Emily nods. “Definitely.”
“But she’s not telling us?” Amelia is heartbroken at this prospect. “What are we going to do about it?”
“Nothing.” Emily looks like the leader of a crime organization. Deceptively calm.
“By nothing, you mean somehow capture a sample of her urine so we can test it ourselves, right?” I glance between them. “Because I can do it. Don’t ask me how—just know it can be done.”
“No. We’re not going to do a single thing. We’re going to respect Annie’s privacy and wait until she feels comfortable to tell us herself.”
I grimace. “That doesn’t sound like you.”
“It’s the new me. Respectful. Understanding of privacy. Patient . . .” While she’s listing off her virtues, I’m rolling my eyes and making a yapping gesture with my hand. She finally notices and smacks it down. “Stop that!”

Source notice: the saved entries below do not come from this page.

Lemma packing_measure_eq0_gt_upper_box_dim (A : set T) (s : R) :
  (upper_box_dim d A < s%:E)%E -> packing_measure d s A = 0%E.
Proof.
move=> hB; have B0 := upper_box_dim_ge0 A.
have hf : upper_box_dim d A \is a fin_num.
  by rewrite ge0_fin_numE // (lt_trans hB) // ltry.
set b := fine (upper_box_dim d A).
have eB : upper_box_dim d A = b%:E by rewrite fineK.
rewrite eB lte_fin in hB; rewrite eB lee_fin in B0.
set t := (b + s) / 2.
have t0 : 0 <= t by rewrite /t; lra.
have ts : t < s by rewrite /t; lra.
have hBt : (limsup0 (box_ratio A) < t%:E)%E.
  by change (upper_box_dim d A < t%:E)%E; rewrite eB lte_fin /t; lra.
have [ε ε0 hε] := limsup0_lt hBt.
apply: packing_measure_eq0; apply: (packing_premeasure_eq0 t0 ts).
exists (Order.min ε 1); first by rewrite lt_min ε0 ltr01.
move=> δ /andP[δ0]; rewrite lt_min => /andP[h1 h2].
apply: box_ratio_lt; first by rewrite δ0 h2.
by apply: hε; rewrite δ0 h1.
Qed.

Lemma packing_dim_le_upper_box_dim (A : set T) :
  (packing_dim d A <= upper_box_dim d A)%E.
Proof.
have B0 := upper_box_dim_ge0 A.
have [->|hB] := eqVneq (upper_box_dim d A) +oo%E; first exact: leey.
have hf : upper_box_dim d A \is a fin_num by rewrite ge0_fin_numE // ltey.
set b := fine (upper_box_dim d A).
rewrite -(fineK hf); apply/lee_addgt0Pr => e e0.
apply: ge_ereal_inf; exists (b + e)%:E; last by rewrite EFinD.
exists (b + e) => //; split; first by rewrite addr_ge0 ?(ltW e0) // -lee_fin fineK.
by apply: packing_measure_eq0_gt_upper_box_dim; rewrite -(fineK hf) lte_fin ltrDl.
Qed.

“Those are noble attributes, but so so boring. I miss slightly toxic Emily. Jack took her away from me.” I go shake Emily’s shoulders. “Give her back!”
“Give who back?” asks Annie from the doorway to the kitchen, glass in her hand—empty.
I pivot, slinging my arm around Emily’s hip. “My old Celine Dion greatest hits CD. She’s held it captive for too many years.”
“I don’t have it,” Emily replies.
“Oh yeah? So if I go out to your truck right now, I won’t find it in your CD sleeve?”
“Nope.” But her eyes betray her as they dart quickly to Amelia.
I turn slowly on her and she cracks like an egg. “Fine, yes, I borrowed it! But it’s so good. You can have it back next time I see you.”
We all move back into the living room and pile onto the couch for the next hour so we can look at photos on Amelia’s phone from her latest tour.
I still regularly forget that she is a famous pop star, until these moments when I see pictures of her onstage surrounded by a sold-out stadium.
Pictures of her backstage hugging mega artists who have shaped the music industry.
But it’s easy to forget all of that with her because to us she’s Amelia .
. . the Audrey Hepburn–obsessed woman who stole our brother’s heart with her truly awful pancakes and has loved us like real sisters from day one.
After looking through photos, we all steal clothes from Emily to sleep in.
Literally clothes, like T-shirts and leggings, because the woman doesn’t own pajamas.
Or she does, but her take on pj’s is just silk lingerie pieces trimmed in lace.
Around one A.M., we all four pile into Emily and Jack’s king-sized bed like we’re the family in Willy Wonka and my sisters pass out almost immediately.
I’m seconds away from sleep when Emily inches closer and whispers to me, “I’m impressed by how quickly you came up with that Celine Dion lie.”
“Yeah,” I say, staring up at the dark ceiling, wishing more than anything that I had been able to see the stars tonight. “I’m too good at lying.”
And that’s the most truthful thing I’ve said to anyone in a long time.
It takes me a while to fall asleep, and when I finally do I slip into a strange dream where James and I are back at Hank’s with our knees interlaced again, but this time James smiles before tipping forward and kissing me.